Static and Dynamic Malware Analysis

In this lab, students will perform static and dynamic malware analysis. Analyzing malware is important because an analyst will want to know what actions the malware is performing on the system as well as on the network. The hash value of the malware can tell you if the malware has been widely used before. Dynamic analysis involves executing the malware and seeing how it behaves, whereas static analysis just involves examining the information contained within the file

Overview

Analyzing malware is important for many reasons.
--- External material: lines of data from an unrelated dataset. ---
Theorem theorem3 (R : archiRealFieldType) (s : nat) (L : nat -> nat) (M : nat -> nat -> nat)
  (N : nat) (rt : nat -> nat -> int) (tau : nat -> R) (kr : nat -> nat) (k0 : nat) :
  (2 <= s)%N ->
  (forall j, (j < s)%N -> (1 <= L j)%N) ->
  (forall j i, (j < s)%N -> (i < L j)%N -> (0 < M j i)%N) ->
  (forall j i, (j < s)%N -> (i.+1 < L j)%N -> (M j i < M j i.+1)%N) ->
  (forall j1 j2, (j1 < s)%N -> (j2 < s)%N -> j1 != j2 -> delta L M j1 != delta L M j2) ->
  (N < \big[lcmn/1%N]_(j < s) delta L M j)%N ->
  (forall j i, (j < s)%N -> (i < L j)%N ->
     0 <= rt j i <= (M j i)%:Z - 1 /\
     `|(rt j i - (N %% M j i)%N%:Z)%:~R| <= tau j) ->
  (forall j, (j < s)%N ->
     tau j < (if (2 <= L j)%N then (maxmingcd (L j) (M j))%:R / 4
              else (M j 0%N)%:R / 4)
     /\ tau j < (maxmingcd s (delta L M))%:R / 4) ->
  (forall j, (j < s)%N -> (2 <= L j)%N ->
     (kr j < L j)%N /\ mingcd (L j) (M j) (kr j) = maxmingcd (L j) (M j)) ->
  (k0 < s)%N -> mingcd s (delta L M) k0 = maxmingcd s (delta L M) ->
  exists nh : nat -> nat -> int,
    two_stage s L M rt kr k0 = Some nh /\
    (forall j i, (j < s)%N -> (i < L j)%N ->
       nh j i = ((N - N %% M j i) %/ M j i)%N%:Z) /\
    `|Nhat_final s L M rt nh - N%:Z| <=
      round ((\sum_(j < s) (L j)%:R * tau j) / (\sum_(j < s) L j)%N%:R).
Proof.
move=> s2 L_gt0 M_gt0 _ _ N_lt rt_spec tau_lt kr_max k0_lt k0_max.
have rt_err j i js iL := (rt_spec j i js iL).2.
have tau_lt_group j : (j < s)%N -> (2 <= L j)%N -> tau j < (maxmingcd (L j) (M j))%:R / 4.
  by move=> js L2; have := (tau_lt j js).1; rewrite L2.
have tau_lt_delta j js := (tau_lt j js).2.
have [nh [Hnh nhE]] := two_stage_correct L_gt0 M_gt0 N_lt rt_err tau_lt_group
  tau_lt_delta kr_max k0_lt k0_max.
exists nh; split => //; split.
  by move=> j i js iL; rewrite nhE // divn_subn_mod // M_gt0.
exact: Nhat_final_err L_gt0 rt_err _ (ltnW s2) nhE.
Qed.
(* Let $C$ be a bivariate copula that is stochastically increasing (SI) or stochastically decreasing (SD). Then \[ \xi(C)\le|\rho(C)|, \] with equality if and only if $C\in\{W,\Pi,M\}$, where $W(u,v)=\max\{u+v-1,0\}$, $\Pi(u,v)=uv$ and $M(u,v)=\min\{u,v\}$.
   Context: A (bivariate) copula is a function $C:[0,1]^2\to[0,1]$ that is grounded, has uniform margins and is 2-increasing. For a copula $C$, $\rho(C)=12\int_{[0,1]^2}C(u,v)\,du\,dv-3$ (Spearman's rho) and $\xi(C)=6\int_0^1\int_0^1(\partial_1C(t,v))^2\,dt\,dv-2$ (Chatterjee's xi), with $\partial_1$ the partial derivative in the first argument. A copula $C$ is SI (resp. SD) if, for $(U,V)\sim C$, the map $u\mapsto P(V\ge v\mid U=u)$ is increasing (resp. decreasing) outside a Lebesgue null set for every $v$; equivalently, $C(\cdot,v)$ is concave (resp. convex) for every $v\in[0,1]$. *)

From Stdlib Require Import Reals.
From Coquelicot Require Import Coquelicot.
Open Scope R_scope.

Definition I01 (x : R) : Prop := 0 <= x <= 1.

(* A bivariate copula, given as a total function R -> R -> R whose values
   on [0,1]^2 are the relevant ones. *)
Definition is_copula (C : R -> R -> R) : Prop :=
  (forall u v, I01 u -> I01 v -> 0 <= C u v <= 1) /\
  (forall u, I01 u -> C u 0 = 0) /\
  (forall v, I01 v -> C 0 v = 0) /\
  (forall u, I01 u -> C u 1 = u) /\
  (forall v, I01 v -> C 1 v = v) /\
  (forall u1 u2 v1 v2, I01 u1 -> I01 u2 -> I01 v1 -> I01 v2 ->
     u1 <= u2 -> v1 <= v2 ->
     0 <= C u2 v2 - C u2 v1 - C u1 v2 + C u1 v1).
Malware analysis in general is taking steps to find out more information about things like who crafted a malware payload, where the malware is becoming to, or what types of actions the malware is trying to perform. Static analysis is where you look at the file contents and look at the strings and don’t execute the file. With dynamic malware analysis, you run the file (likely in a virtual environment not connected to a real network) to see the types of network and process actions that happen to the system

OUTCOMES

In this lab, you will learn to:

Perform static malware analysis
Perform dynamic malware analysis

Courses

Cybersecurity Attack and Defend Skill Lab

Key terms and descriptions

HxD

A hex editor that allows you to view the data within a file.

strings

A tool that will allow you to examine information within a file.

VirusTotal.com

A website that helps analyze malware samples.

Wireshark

A packet analyzer that will allow you to capture network traffic.

Notepad++

A free text editing program with more robust features than regular notepad.